F minor has become F-sharp minor, an immensely more complicated (six sharps) and intellectual key. As well, there are now three staffs, which provides a middle staff for the melody, shared between the two thumbs. This is a notation which stresses the singing quality of the thumbs.

This was the epitome of the Lento exchanges.

But Clara didn’t give up. When she was 34, she wrote variations on Robert’s version of her Andantino, which survives as her Op. 20 of 1853, Variationen über ein Thema von Robert Schumann. By now Clara’s variations, like Robert’s Romanze, are in F-sharp minor, which lends gravitas to the more juvenile Lento theme. These new variations were in the minor key, darkening them further.

This provides a clue as to how entwined they were, as lovers and as composers.

A year later, in 1854, Robert was in the asylum, and Clara had given birth to their eighth and last child. Clara wasn’t allowed to see her husband, but Brahms went back and forth between the Schumanns.

Brahms at that stage had been composing variations on Robert’s Bunte Blätter (Colored Leaves), Op. 99, which he brought one by one to Clara as he wrote them. They were eventually titled Variations on a Theme by Robert Schumann, Op. 9, based primarily on the fourth variation of Bunte Blätter, which was also the variation on which Clara based her Op. 20 variations of the previous year.

Now three composers are using one another for inspiration, a seesaw with Clara’s theme as the fulcrum. Brahms’s first eight Op. 9 variations are in the F minor key of the Andantino. The final phrase of Variation 10 quotes the “Theme by Clara Wieck” on which Schumann based his Op. 5 Impromptus.

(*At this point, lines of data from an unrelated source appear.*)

Lemma decode_continuous : {within name_dom, continuous decode}.
Proof. exact/subspace_sigL_continuousP/delta_continuous. Qed.

Lemma name_entry_open c : open [set x | name_entry x c].
Proof.
case: c => [|n] /=.
  by rewrite (_ : [set x | true] = setT); [exact: openT | apply/seteqP; split].
rewrite (_ : [set x | `[< b n x >]] = b n); first exact: b_open.
by apply/seteqP; split => x /asboolP.
Qed.

Lemma name_entries_open s : open [set x | all (name_entry x) s].
Proof.
elim: s => [|c s IH]; first exact: (name_entry_open 0).
rewrite (_ : [set x | _] = [set x | name_entry x c] `&` [set x | all (name_entry x) s]).
  exact: openI (name_entry_open c) IH.
by apply/seteqP; split => x /andP.
Qed.

Lemma delta_open (U : set (set_type name_dom)) : open U -> open (delta @` U).
Proof.
move=> oU; rewrite openE => _ [p Up <-].
have [s ps sU] := name_cylinder_base oU Up.
apply: (@filterS _ _ _ [set y | all (name_entry y) s]).
  by move=> y /fiber_name_cylinder [q [yq qs]]; exists q => //; exact: sU.
apply: open_nbhs_nbhs; split; first exact: name_entries_open.
by apply/fiber_name_cylinder; exists p.
Qed.

Lemma delta_surj x : exists p, delta p = x.
Proof. by exists (name_of (canonical_nameP x)); exact: decodeE (canonical_nameP x). Qed.

Lemma fiber_nowhere_dense_extend x E s :
  fiber_nowhere_dense delta name_cylinder x E -> all (name_entry x) s ->
  exists t, [/\ prefix s t, all (name_entry x) t &
    fiber delta x `&` name_cylinder t `&` E `<=` set0].
Proof.
move=> nwdE /fiber_name_cylinder /nwdE [m [ms [p [xp pm]] mE]].
have [t [st pt tm]] := name_cylinder_extend (name_cylinder_open m) pm (ms p pm).
exists t; split => //; first by apply/fiber_name_cylinder; exists p.
by move=> q [[xq qt] Eq]; apply: (mE q); split => //; split => //; exact: tm.
Qed.

(* A meager cover is defeated by the limit of a chain of prefixes: step k
   avoids the k-th nowhere dense set and appends the k-th entry of the
   canonical name of x, so that the limit is again a name of x. *)
Lemma delta_fiber_baire x s : fiber delta x `&` name_cylinder s !=set0 ->
  ~ fiber_meager delta name_cylinder x (name_cylinder s).
Proof.
move=> /fiber_name_cylinder xs [Es [Es_nwd cover]].
have /choice [next nextP] : forall kt : nat * seq nat, exists t,
    all (name_entry x) kt.2 -> [/\ prefix kt.2 t, all (name_entry x) t &
      fiber delta x `&` name_cylinder t `&` Es kt.1 `<=` set0].
  move=> [k t]; case: (boolP (all (name_entry x) t)) => [xt|_]; last by exists t.
  by have [u ?] := fiber_nowhere_dense_extend (Es_nwd k) xt; exists u.
pose fix ts k := if k is k'.+1 then rcons (next (k', ts k')) (canonical_name x k') else s.
have ts_entries k : all (name_entry x) (ts k).
  elim: k => [//|k IH] /=; have [_ xn _] := nextP (k, ts k) IH.
  by rewrite all_rcons xn andbT name_entry_canonical.
have ts_prefix k : prefix (ts k) (ts k.+1).
  have [st _ _] := nextP (k, ts k) (ts_entries k).
  exact: (@prefix_trans _ (next (k, ts k)) _ _ st (prefix_rcons _ _)).
have ts_size k : (k <= size (ts k))%N.
  elim: k => [//|k IH] /=; have [st _ _] := nextP (k, ts k) (ts_entries k).
  by rewrite size_rcons ltnS (leq_trans IH (size_prefix st)).
pose q : baire := fun i => nth 0 (ts i.+1) i.
have q_ts k : cylinder (ts k) q.
  move=> i lti; have ki := prefix_mono ts_prefix (leq_maxl k i.+1).
  rewrite /q -(prefix_nth (prefix_mono ts_prefix (leq_maxr k i.+1)) (ts_size _)).
  exact: prefix_nth ki lti.
have qx : is_name q x.
  move=> n; split=> [bnx|[i qi]].
    exists (size (next (n, ts n))); rewrite (q_ts n.+1) /= ?size_rcons //.
    by rewrite nth_rcons ltnn eqxx /canonical_name asboolT.
  have := allP (ts_entries i.+1) _ (mem_nth 0 (ts_size i.+1)).
  by rewrite -/(q i) qi => /asboolP.
have [k _ Ekq] := cover (name_of qx) (conj (decodeE qx) (q_ts 0)).
have [_ _ disj] := nextP (k, ts k) (ts_entries k).
apply: (disj (name_of qx)); split => //; split; first exact: decodeE.
exact: cylinder_prefix (prefix_rcons _ _) _ (q_ts k.+1).
Qed.

End StandardRepresentation.

Theorem theorem68 (X : topologicalType) (D : set baire) (rho : baire -> X) :
  @second_countable X -> kolmogorov_space X -> admissible D rho ->
  forall (A Th : cwo), inhabited A -> inhabited Th ->
  forall S : set X,
    Diff A (Sigma Th) S <->
    Diff A (Sigma Th) [set p : set_type D | S (rho (val p))].
Proof.
(* The argument does not need alpha, theta > 0. *)
move=> scX T0X rho_adm A Th _ _ S.
have rho_cont : continuous (sigL D rho) by apply/subspace_sigL_continuousP; case: rho_adm.
split; first exact: Diff_preimage.
move=> SD; have [b [b_open b_base]] := second_countable_nat_base scX.
have b_sep := kolmogorov_base_eq T0X b_base.
pose x0 := rho (fun=> 0).
have [h [h_cont decode_h]] :=
  admissible_lift rho_adm (@decode_continuous _ _ b_base b_sep x0).
apply: (Diff_vaught (name_cylinder_open b) (@name_cylinder_base _ b)
  (@delta_fiber_baire _ _ b_sep x0) (delta_open b_open b_sep x0) (delta_surj b_sep x0)).
have -> : @delta _ b x0 @^-1` S = h @^-1` [set p | S (rho (val p))].
  by apply/seteqP; split => p; rewrite /= /delta decode_h.
exact (Diff_preimage h_cont SD).
Qed.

I play here the greatest survivors of this epic exchange, Schumann’s second Romanze and my favorites of Brahms’s last intermezzi.

A world of notes, of fantasies and concertos, of symphonies and chamber works by the greatest musicians of the age had been inspired by five notes from a 14-year-old.

And arguably the greatest works of the greatest composer, the intermezzi of Brahms, had evolved from those five notes.